Italy.- Italian legislators have begun to review the country’s ban on gambling sponsorship in sports. The ban was introduced in 2019 under the Dignity Decree of 2018, but Serie A clubs have claimed that the legislation was passed without proper legislative process.

The Senate’s Culture Commission has endorsed a resolution that called for a debate on the law as part of plans to support Italian football. It will now be up to deputies to decide whether to draft a new decree on gambling sponsorships to annul or modify this specific aspect of the Dignity Decree.

Maurizio Leo, deputy minister for economy and finance, and sports minister Andrea Abodi will conduct the initial review. They will meet with Serie A president Ezio Simonelli and other officials.

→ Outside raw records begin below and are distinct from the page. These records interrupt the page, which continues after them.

Lemma seg_upper_end i x : (1 <= i <= k.+1)%N -> seg s i x ->
  exists b, [/\ x < b, cseg i b & Num.sg f.[b] = Num.sg (fval f s i.-1)].
Proof.
case: i => // i /andP [_ ik] /andP [lo hi]; rewrite /fval /=.
have low b : x < b -> (k < i.+1)%N || (s`_i <= b).
  by move=> xb; case/orP: lo => [->//|sx]; rewrite (ltW (lt_trans sx xb)) orbT.
case: i ik lo hi low => [|i] ik lo hi low /=.
  have f0 : f != 0 by rewrite -size_poly_gt0 ltnW.
  have [M M_sg] := sgr_horner_pinfty f0.
  have maxM : M <= Num.max M (x + 1) by rewrite le_max lexx.
  have maxx : x + 1 <= Num.max M (x + 1) by rewrite le_max lexx orbT.
  exists (Num.max M (x + 1)); split; first by lra.
    by rewrite /cseg low //; lra.
  by rewrite M_sg // (gtr0_sg lead_coef_gt0) sgr1.
have xs : x < s`_i by case/orP: hi.
exists s`_i; split => //; first by rewrite /cseg low //= lexx orbT.
by rewrite ltnNge (ik : (i.+1 <= k)%N).
Qed.

Lemma seg_inj i x y : (1 <= i <= k.+1)%N -> seg s i x -> seg s i y ->
  f.[x] = f.[y] -> x = y.
Proof.
move=> hi sx sy fxy; have [xy|yx|//] := ltgtP x y.
  by have := cseg_mono hi (seg_cseg sx) (seg_cseg sy) xy; rewrite fxy subrr mulr0 ltxx.
by have := cseg_mono hi (seg_cseg sy) (seg_cseg sx) yx; rewrite fxy subrr mulr0 ltxx.
Qed.

Lemma seg_noroot i x : (1 <= i <= k.+1)%N -> 0 <= fval f s i * fval f s i.-1 ->
  seg s i x -> ~~ root f x.
Proof.
move=> hi fval_ge0 sx; apply/negP => /rootP fx0.
have [a [ax a_cseg sg_a]] := seg_lower_end hi sx.
have [b [xb b_cseg sg_b]] := seg_upper_end hi sx.
have := cseg_mono hi a_cseg (seg_cseg sx) ax.
have := cseg_mono hi (seg_cseg sx) b_cseg xb.
rewrite fx0 sub0r subr0 mulrN oppr_gt0 => fb fa.
have : (-1) ^+ i.-1 * f.[a] * ((-1) ^+ i.-1 * f.[b]) < 0 by rewrite nmulr_rlt0.
rewrite mulrACA -expr2 sqrr_sign mul1r => fab.
move: fval_ge0; rewrite -sgr_ge0 sgrM -sg_a -sg_b -sgrM ltr0_sg //.
by rewrite oppr_ge0 ler10.
Qed.
(* A left Gamma-module structure on an R-module M: the action of the
   generators Q0, Q1, Q2 (additive, hence commuting with Z), subject to the
   commutation relations with a and the Adem relations.  This is exactly a
   left module over Gamma = R<Q0,Q1,Q2>/(relations) extending the R-action. *)
Record gstr (M : lmodType Rg) := GStr {
  Q0 : M -> M;
  Q1 : M -> M;
  Q2 : M -> M;
  Q0D : forall x y, Q0 (x + y) = Q0 x + Q0 y;
  Q1D : forall x y, Q1 (x + y) = Q1 x + Q1 y;
  Q2D : forall x y, Q2 (x + y) = Q2 x + Q2 y;
  Q0a : forall m, Q0 (aR *: m) = aR ^+ 2 *: Q0 m - (aR *: Q1 m) *+ 2 + Q2 m *+ 6;
  Q1a : forall m, Q1 (aR *: m) = Q0 m *+ 3 + aR *: Q2 m;
  Q2a : forall m, Q2 (aR *: m) = - (aR *: Q0 m) + Q1 m *+ 3;
  adem1 : forall m, Q1 (Q0 m) = Q2 (Q1 m) *+ 2 - Q0 (Q2 m) *+ 2;
  adem2 : forall m, Q2 (Q0 m) = Q0 (Q1 m) + aR *: Q0 (Q2 m) - Q1 (Q2 m) *+ 2
}.

Definition gmap (M N : lmodType Rg) (sM : gstr M) (sN : gstr N) (f : M -> N) :=
  Rlin f /\
  forall m, [/\ f (Q0 sM m) = Q0 sN (f m),
                f (Q1 sM m) = Q1 sN (f m) &
                f (Q2 sM m) = Q2 sN (f m)].

Definition same_gstr (M : lmodType Rg) (s s' : gstr M) : Prop :=
  forall m, [/\ Q0 s m = Q0 s' m, Q1 s m = Q1 s' m & Q2 s m = Q2 s' m].

Definition tensor_gstr (M N T : lmodType Rg) (sM : gstr M) (sN : gstr N)
    (sT : gstr T) (t : M -> N -> T) : Prop :=
  forall x y,
  [/\ Q0 sT (t x y) = t (Q0 sM x) (Q0 sN y) + t (Q1 sM x) (Q2 sN y) *+ 2
                      + t (Q2 sM x) (Q1 sN y) *+ 2,
      Q1 sT (t x y) = t (Q0 sM x) (Q1 sN y) + t (Q1 sM x) (Q0 sN y)
                      + aR *: t (Q1 sM x) (Q2 sN y) + aR *: t (Q2 sM x) (Q1 sN y)
                      + t (Q2 sM x) (Q2 sN y) *+ 2 &
      Q2 sT (t x y) = t (Q0 sM x) (Q2 sN y) + t (Q2 sM x) (Q0 sN y)
                      + t (Q1 sM x) (Q1 sN y) + aR *: t (Q2 sM x) (Q2 sN y)].

Definition std_unit (sR : gstr Rg^o) : Prop :=
  [/\ Q0 sR (1 : Rg^o) = 1, Q1 sR (1 : Rg^o) = 0 & Q2 sR (1 : Rg^o) = 0].

Definition Psi (M : lmodType Rg) (s : gstr M) (m : M) : M :=
  Q0 s (Q0 s m) + aR *: Q0 s (Q1 s m) - Q1 s (Q1 s m) *+ 2
  + aR ^+ 2 *: Q0 s (Q2 s m) - (aR *: Q1 s (Q2 s m)) *+ 2
  + Q2 s (Q2 s m) *+ 4.

From HB Require Import structures.
From mathcomp Require Import all_boot all_order all_algebra.
From mathcomp Require Import boolp ring.
Set Implicit Arguments. Unset Strict Implicit. Unset Printing Implicit Defensive.
Import GRing.Theory.
Local Open Scope ring_scope.
(* Let $\sigma\le\tau$ be stopping times with values in $\{0,\ldots,n\}$, and let $Y^{up},Y^{low}$ be adapted integrable real-valued processes such that for every $i$ with $\sigma\le i<\tau$, $$Y^{up}_i\ge\max\{S_i,\;E_i[Y^{up}_{i+1}]+f(i,Y^{up}_i,E_i[\beta_{i+1}Y^{up}_{i+1}])\Delta_i\},$$ $$Y^{low}_i\le\max\{S_i,\;E_i[Y^{low}_{i+1}]+f(i,Y^{low}_i,E_i[\beta_{i+1}Y^{low}_{i+1}])\Delta_i\},$$ and $Y^{up}_\tau\ge Y^{low}_\tau$. Then $Y^{low}_i\le Y^{up}_i$ almost surely on $\{\sigma\le i\le\tau\}$ for every $i=0,\ldots,n$.
   Context: Standing setting: $n\ge 1$ and $D\ge 1$ are integers; $(\Omega,\mathcal F,(\mathcal F_i)_{i=0,\ldots,n},P)$ is a filtered probability space and $E_i[\cdot]=E[\cdot\mid\mathcal F_i]$. The constants $\Delta_0,\ldots,\Delta_{n-1}$ are positive reals. $S=(S_i)_{i=0,\ldots,n}$ is an adapted process with values in $\mathbb R\cup\{-\infty\}$, $S_n$ real-valued, with $\sum_{i=0}^{n-1}E[|S_i\mathbf 1_{\{S_i>-\infty\}}|]+E[|S_n|]<\infty$. The random field $f:\Omega\times\{0,\ldots,n-1\}\times\mathbb R\times\mathbb R^D\to\mathbb R$ is measurable, $f(\cdot,i,y,z)$ is $\mathcal F_i$-measurable for every $(y,z)$ (the dependence on $\omega$ is suppressed), $\sum_{i=0}^{n-1}E[|f(i,0,0)|]<\infty$, and there are adapted nonnegative processes $\alpha^{(0)},\ldots,\alpha^{(D)}$ with $|f(i,y,z)-f(i,y',z')|\le\alpha^{(0)}_i|y-y'|+\sum_{d=1}^D\alpha^{(d)}_i|z_d-z'_d|$ for all $(y,z),(y',z')\in\mathbb R\times\mathbb R^D$. $\beta=(\beta_i)_{i=1,\ldots,n}$ is a bounded adapted $\mathbb R^D$-valued process, and for $i=0,\ldots,n-1$ almost surely $\alpha^{(0)}_i<1/\Delta_i$ and $\sum_{d=1}^D\alpha^{(d)}_i|\beta_{d,i+1}|\le 1/\Delta_i$. *)

From HB Require Import structures.
From mathcomp Require Import all_boot all_order all_algebra.
From mathcomp Require Import all_classical all_reals all_analysis.
From mathcomp Require Import measurable_realfun.
Set Implicit Arguments. Unset Strict Implicit. Unset Printing Implicit Defensive.
Import Order.TTheory GRing.Theory Num.Theory.
Local Open Scope classical_set_scope.
Local Open Scope ring_scope.

Definition measurable_wrt {d} {T : measurableType d} {d'} {U : measurableType d'}
  (G : set (set T)) (X : T -> U) : Prop :=
  forall B : set U, measurable B -> G (X @^-1` B).

Definition filtration {d} {T : measurableType d} (n : nat)
  (F : nat -> set (set T)) : Prop :=
  (forall i, (i <= n)%N -> sigma_algebra setT (F i) /\ F i `<=` measurable) /\
  (forall i j, (i <= j <= n)%N -> F i `<=` F j).

Definition stopping_time {d} {T : measurableType d} (n : nat)
  (F : nat -> set (set T)) (tau : T -> nat) : Prop :=
  (forall x, (tau x <= n)%N) /\ (forall i, (i <= n)%N -> F i [set x | (tau x <= i)%N]).

Definition is_condexp {d} {T : measurableType d} {R : realType}
  (mu : probability T R) (G : set (set T)) (X Y : T -> R) : Prop :=
  measurable_wrt G Y /\ mu.-integrable setT (EFin \o Y) /\
  (forall A, G A -> (\int[mu]_(x in A) (Y x)%:E = \int[mu]_(x in A) (X x)%:E)%E).

Definition emeasurable_wrt {d} {T : measurableType d} {R : realType}
  (G : set (set T)) (X : T -> \bar R) : Prop :=
  forall B : set (\bar R), measurable B -> G (X @^-1` B).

Abodi has mentioned plans to charge sports betting operators a 1 per cent betting allocation fee to fund modernisation at football stadiums, support women’s football and upgrade grassroots facilities and youth systems. There is no current timeline for the review, which has been criticised by the 5Star Movement and the Democratic Party.

The Dignity Decree was passed during a Lega Nord and 5Star coalition government. Only the question of sports sponsorship is being considered in this review, not the general ban on gambling adverts. But Roberto Alesse, director of the ADM, had pledged to review Italy’s ban on gambling ads.

The Serie A estimates that the ban on gambling sponsorship costs Italian football around €100m a year, leaving clubs struggling to compete financially with Europe’s biggest teams. Serie A clubs reported a total drop in income of €350m for 2023/2024.

A tender for new online gambling licences in Italy opened in December and will run until May 30, 2025. Licences are expected to be granted by October. The green light for the new regulatory framework had been held up after the Malta Gambling Authority (MGA) submitted a detailed opinion on B2B technicalities, leading to an extension of the standstill period.